Dans la mesure où le
personnage est une énigme, il n’est pas surprenant que beaucoup de choses
lui soient attribuées : en dehors de l’origine de l’antimoine, certains lui
reconnaissent celle de la fameuse formule V.I.T.R.I.O.L que nous avions
explicitée lors d’un précédent article ainsi que le mot de précipité qui a
eu un bel avenir dans la chimie depuis lors…
Le comte Bernard de Trévise
Autrement dit le Trévisan,
qui vécut de 1406 à 1490 et qui, en bon alchimiste qu’il était, dilapida sa
fortune en s’essayant à trouver le Grand Œuvre. Si nous ne pouvons qu’être
sensible à toutes les souffrances pécuniaires qu’il a dû endurer (les
charlatans étaient nombreux à l’époque…), ce n’est pourtant pas la fortune
du Trévisan, s’effilochant telle une peau de chagrin, qui retiendra
l’attention.
Nous retrouvons avec lui un
peu les idées de Basile Valentin et il est permis de s’interroger, dans la
mesure où l’existence de ce dernier pose problème – comme il a été dit plus
haut –, s’il y a seulement des analogies entre les deux individus ou un peu
plus.
En fait, la réponse importe
peu puisque sa perception de l’alchimie nous est parvenue. S’il
reconnaissait, lui aussi, le postulat des quatre éléments, il innovait en
introduisant la notion de proportion dans l’union des éléments provoquant la
diversité. Pour lui, c’était également le mouvement des corps célestes
associé à celui du feu qui induisait aux mines des couches terrestres des
modifications de propriétés et, de là, la transformation des métaux pouvant,
par étape successives, donner de l’or.
Comme il l’a écrit, c’était « le feu dirigé activement et convenablement »

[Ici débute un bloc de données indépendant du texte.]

(* Let $V_1,V_2$ be Orlicz functions with $V_1(x)/V_2(x)\to\infty$ as $|x|\to\infty$. Let $\widetilde R:=\sup\{m_{V_2}(\nu):\nu\in\mathscr M_1(\mathbb R),\ m_{V_1}(\nu)\le1\}$ and let $R\in[\widetilde R,\infty)$. Let $X_1^{n,V_1}$ be uniformly distributed on $\mathbb B_1^{n,V_1}$. Then for each fixed $k\in\mathbb N$, $$\lim_{\epsilon\to0}\lim_{n\to\infty}d_w\Big(P\big[(X_1^{n,V_1}(1),\dots,X_1^{n,V_1}(k))\in\cdot\,\big|\,X_1^{n,V_1}\in\mathbb B^{n,V_2}_{R+\epsilon}\big],\ \lambda^{(n,k)}_{1,V_1}\Big)=0,$$ where $d_w$ is a metric inducing weak convergence of probability measures on $\mathbb R^k$ and $\lambda^{(n,k)}_{1,V_1}$ is the distribution of the first $k$ coordinates of a random vector uniformly distributed on $\mathbb B_1^{n,V_1}$.
   Context: An Orlicz function is a convex, symmetric function $V:\mathbb R\to[0,\infty)$ with $V(0)=0$ and $V(x)>0$ for $x\ne0$. $\mathbb B_R^{n,V}:=\{x\in\mathbb R^n:\sum_kV(x_k)\le Rn\}$. $m_V(\nu):=\int V\,d\nu$. *)

From HB Require Import structures.
From mathcomp Require Import all_boot all_order all_algebra.
From mathcomp Require Import all_classical all_reals all_analysis.
Set Implicit Arguments. Unset Strict Implicit. Unset Printing Implicit Defensive.
Import Order.TTheory GRing.Theory Num.Theory.
Import numFieldNormedType.Exports.
Local Open Scope classical_set_scope.
Local Open Scope ring_scope.

Section Defs.
Variable R : realType.

Definition orlicz (V : R -> R) : Prop :=
  (forall x, 0 <= V x) /\
  (forall x y t, 0 <= t -> t <= 1 ->
     V (t * x + (1 - t) * y) <= t * V x + (1 - t) * V y) /\
  (forall x, V (- x) = V x) /\
  V 0 = 0 /\
  (forall x, x != 0 -> 0 < V x).

(* Points of R^n are represented as sequences of length n; coordinate i (1-based
   in the paper) is nth 0 x (i-1). *)
Definition orlicz_ball (n : nat) (V : R -> R) (r : R) : set (seq R) :=
  [set x | size x = n /\ \sum_(v <- x) V v <= r * n%:R].

(* n-dimensional Lebesgue integral, as the iterated one-dimensional Lebesgue
   integral over R^n (x = x_1 :: x_2 :: ... :: x_n). *)
Fixpoint iter_int (n : nat) (f : seq R -> \bar R) : \bar R :=
  match n with
  | 0 => f [::]
  | m.+1 => (\int[lebesgue_measure]_(t in setT) iter_int m (fun s => f (t :: s)))%E
  end.

Definition firstk (k : nat) (x : seq R) : 'rV[R]_k := \row_(i < k) nth 0 x i.

(* E[ f(X(1),...,X(k)) ] for X uniformly distributed on the set A of R^n *)
Definition unif_expect (n k : nat) (A : set (seq R)) (f : 'rV[R]_k -> R) : R :=
  fine (iter_int n (fun x => (\1_A x * f (firstk k x))%:E)) /
  fine (iter_int n (fun x => (\1_A x)%:E)).

Definition BL1 (k : nat) : set ('rV[R]_k -> R) :=
  [set f | exists a L : R, [/\ 0 <= a, 0 <= L, a + L <= 1,
     forall x, `|f x| <= a &
     forall x y, `|f x - f y| <= L * `|x - y|]].

(* bounded-Lipschitz (Dudley) distance between the laws of the first k
   coordinates of uniform vectors on A and on B *)
Definition dBL_unif (n k : nat) (A B : set (seq R)) : \bar R :=
  ereal_sup [set (`|unif_expect n A f - unif_expect n B f|)%:E | f in @BL1 k].

Definition mV (V : R -> R) (nu : probability R R) : \bar R :=
  (\int[nu]_x (V x)%:E)%E.

Definition Rtilde (V1 V2 : R -> R) : \bar R :=
  ereal_sup [set mV V2 nu | nu in [set nu : probability R R | (mV V1 nu <= 1)%E]].

End Defs.

From HB Require Import structures.
From mathcomp Require Import all_boot all_order all_algebra.
From mathcomp Require Import all_classical all_reals all_analysis.
From mathcomp Require Import measurable_realfun.
Import Order.TTheory GRing.Theory Num.Theory.
Import numFieldNormedType.Exports.
Local Open Scope classical_set_scope.
Local Open Scope ring_scope.

(* For R >= R~ the conditioning event is the whole ball.  If x lies in
   B_1^{n,V1}, its empirical measure nu_x = (1/n) sum_i delta_{x_i} satisfies
   m_V1(nu_x) = (1/n) sum_i V1(x_i) <= 1, hence by definition of R~,
   (1/n) sum_i V2(x_i) = m_V2(nu_x) <= R~ <= R, i.e. x lies in B_R^{n,V2}.
   So B_1^{n,V1} is contained in B_{R+eps}^{n,V2} for every eps >= 0, the two
   conditional laws coincide and their distance is 0 for every n. *)

Section OrliczFunction.
Variables (R : realType) (V : R -> R).
Hypothesis oV : orlicz V.

Lemma orlicz_ge0 x : 0 <= V x.
Proof. by case: oV. Qed.

Lemma orlicz_nondecreasing_ge0 x y : 0 <= x -> x <= y -> V x <= V y.
Proof.
have [_ [Vconvex [_ [V0 _]]]] := oV.
move=> x0 xy; have [y0|y_neq0] := eqVneq y 0.
  by rewrite [x](_ : _ = 0) ?y0 //; apply/le_anti; rewrite x0 andbT -y0.
have y_gt0 : 0 < y by rewrite lt_neqAle eq_sym y_neq0 (le_trans x0 xy).
(* x = (x/y) y + (1 - x/y) 0 *)
have := Vconvex y 0 (x / y) (divr_ge0 x0 (ltW y_gt0)).
rewrite ler_pdivrMr // mul1r mulr0 addr0 V0 mulr0 addr0 divfK ?gt_eqF //.
move=> /(_ xy) /le_trans; apply.
by rewrite ler_piMl ?orlicz_ge0 // ler_pdivrMr // mul1r.
Qed.

Lemma orlicz_measurable : measurable_fun [set: R] V.
Proof.
have [_ [_ [Vsym _]]] := oV.
have -> : V = (fun y => V (Num.max y 0)) \o Num.norm.
  apply/funext => x /=; rewrite max_l //.
  by case: (ler0P x) => _ //; rewrite Vsym.
apply: measurableT_comp => //; apply: nondecreasing_measurable => // a b ab.
apply: orlicz_nondecreasing_ge0; first by rewrite le_max lexx orbT.
by rewrite ge_max !le_max ab lexx !orbT.
Qed.

End OrliczFunction.

Section EmpiricalMeasure.
Variables (R : realType) (x : seq R).

Let point_masses := msum (fun i => @dirac _ R (nth 0 x i) R) (size x).

(* For the empty sequence the normalization falls back to delta_0. *)
Definition empirical : probability R R := mnormalize point_masses (@dirac _ R 0 R).

Hypothesis size_gt0 : (0 < size x)%N.

Lemma empiricalE :
  (empirical : set R -> \bar R) = mscale ((size x)%:R^-1)%:nng point_masses.
Proof.
have total_mass : point_masses setT = (size x)%:R%:E.
  rewrite /point_masses /msum /=; under eq_bigr do rewrite diracT.
  by rewrite sumEFin big_const_ord iter_addr addr0.
apply/funext => A; rewrite /empirical /=; unfold mnormalize => /=.
by rewrite -/point_masses total_mass eqe pnatr_eq0 gtn_eqF //= muleC.
Qed.

Lemma integral_empirical (f : R -> R) :
  measurable_fun [set: R] f -> (forall t, 0 <= f t) ->
  (\int[empirical]_t (f t)%:E = ((size x)%:R^-1 * \sum_(v <- x) f v)%:E)%E.
Proof.
move=> mf f_ge0; have mEf : measurable_fun [set: R] (EFin \o f).
  exact/measurable_EFinP.
have Ef_ge0 t : (0 <= (f t)%:E)%E by rewrite lee_fin.
rewrite empiricalE ge0_integral_mscale // ge0_integral_measure_sum //.
under eq_bigr do rewrite (integral_dirac _ measurableT mEf) diracT mul1e.
by rewrite sumEFin -EFinM (big_nth 0) big_mkord.
Qed.

Lemma mV_empirical (V : R -> R) : orlicz V ->
  mV V empirical = ((size x)%:R^-1 * \sum_(v <- x) V v)%:E.
Proof.
by move=> oV; apply: integral_empirical; [exact: orlicz_measurable|exact: orlicz_ge0].
Qed.

End EmpiricalMeasure.
Arguments empirical {R}.

Lemma orlicz_ball_subset (R : realType) (V1 V2 : R -> R) (r : R) (n : nat) :
  orlicz V1 -> orlicz V2 -> (Rtilde V1 V2 <= r%:E)%E ->
  orlicz_ball n V1 1 `<=` orlicz_ball n V2 r.
Proof.
move=> oV1 oV2 Rtilde_le x [<- V1x_le]; split => //.
have [/size0nil ->|size_gt0] := posnP (size x); first by rewrite big_nil mulr0.
have n_gt0 : 0 < (size x)%:R :> R by rewrite ltr0n.
have : (mV V2 (empirical x) <= Rtilde V1 V2)%E.
  apply: ereal_sup_ubound; exists (empirical x) => //=.
  by rewrite mV_empirical // lee_fin ler_pdivrMl // mulr1 -[leRHS]mul1r.
move/le_trans/(_ Rtilde_le).
by rewrite mV_empirical // lee_fin ler_pdivrMl // mulrC.
Qed.

Lemma dBL_unif_xx (R : realType) (n k : nat) (A : set (seq R)) :
  dBL_unif n k A A = 0%E.
Proof.
rewrite /dBL_unif -[RHS]ereal_sup1; congr ereal_sup.
apply/seteqP; split => [_ [f _ <-]|_ ->]; first by rewrite subrr normr0.
exists (fun _ => 0); last by rewrite subrr normr0.
by exists 0, 0; split; rewrite ?addr0 ?ler01 // => *; rewrite ?subrr normr0 ?mul0r.
Qed.

Theorem mainTheorem8 (R : realType) (V1 V2 : R -> R) (r : R) (k : nat) :
  orlicz V1 -> orlicz V2 ->
  (forall M : R, exists A : R, forall x : R, A < `|x| -> M < V1 x / V2 x) ->
  (Rtilde V1 V2 <= r%:E)%E ->
  exists L : R -> \bar R,
    (\forall eps \near 0^'+,
        (fun n : nat => dBL_unif n k
            (orlicz_ball n V1 1 `&` orlicz_ball n V2 (r + eps))
            (orlicz_ball n V1 1)) @ \oo --> L eps) /\
    (L eps @[eps --> 0^'+] --> 0%E).
Proof.
move=> oV1 oV2 _ Rtilde_le; exists (fun _ => 0%E); split; last exact: cvg_cst.
near=> eps; have eps_gt0 : 0 < eps by near: eps; exact: nbhs_right_gt.
have Rtilde_le_eps : (Rtilde V1 V2 <= (r + eps)%:E)%E.
  by rewrite (le_trans Rtilde_le) // lee_fin lerDl ltW.
rewrite (_ : (fun n => _) = fun _ => 0%E); first exact: cvg_cst.
apply/funext => n; rewrite setIidl ?dBL_unif_xx //.
exact: orlicz_ball_subset.
Unshelve. all: by end_near.
Qed.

qui pouvait suppléer la nature et faire, de manière accélérée, ce que
celle-ci n’avait pas réussi à produire dans un temps plus court. De là
surgissait, selon Le Trévisan, une opposition entre la nature et l’alchimie,
la première ne menant qu’a des métaux morts tandis que ceux obtenus par la
pierre philosophale, qui était assimilée à un ferment, point de vue
qui sera repris ultérieurement par d’autres alchimistes.
Pour terminer, ce qui fait
encore bien plus l’originalité des théories du Trévisan est le fait qu’il a
privilégié la forme, c’est-à-dire, les différents ordres de combinaison et
d’arrangement des éléments.
Si, avec ces deux
personnages, se termine l’énumération des principaux alchimistes reconnus
comme tels au Moyen Âge, il ne faut pas oublier que d’autres figures, à
priori loin de la Pierre philosophale, comme des princes ou des papes ainsi
que des marchands…, ont aussi tenté d’approcher le Grand Œuvre et c’est à
eux que nous consacrerons nos prochains articles.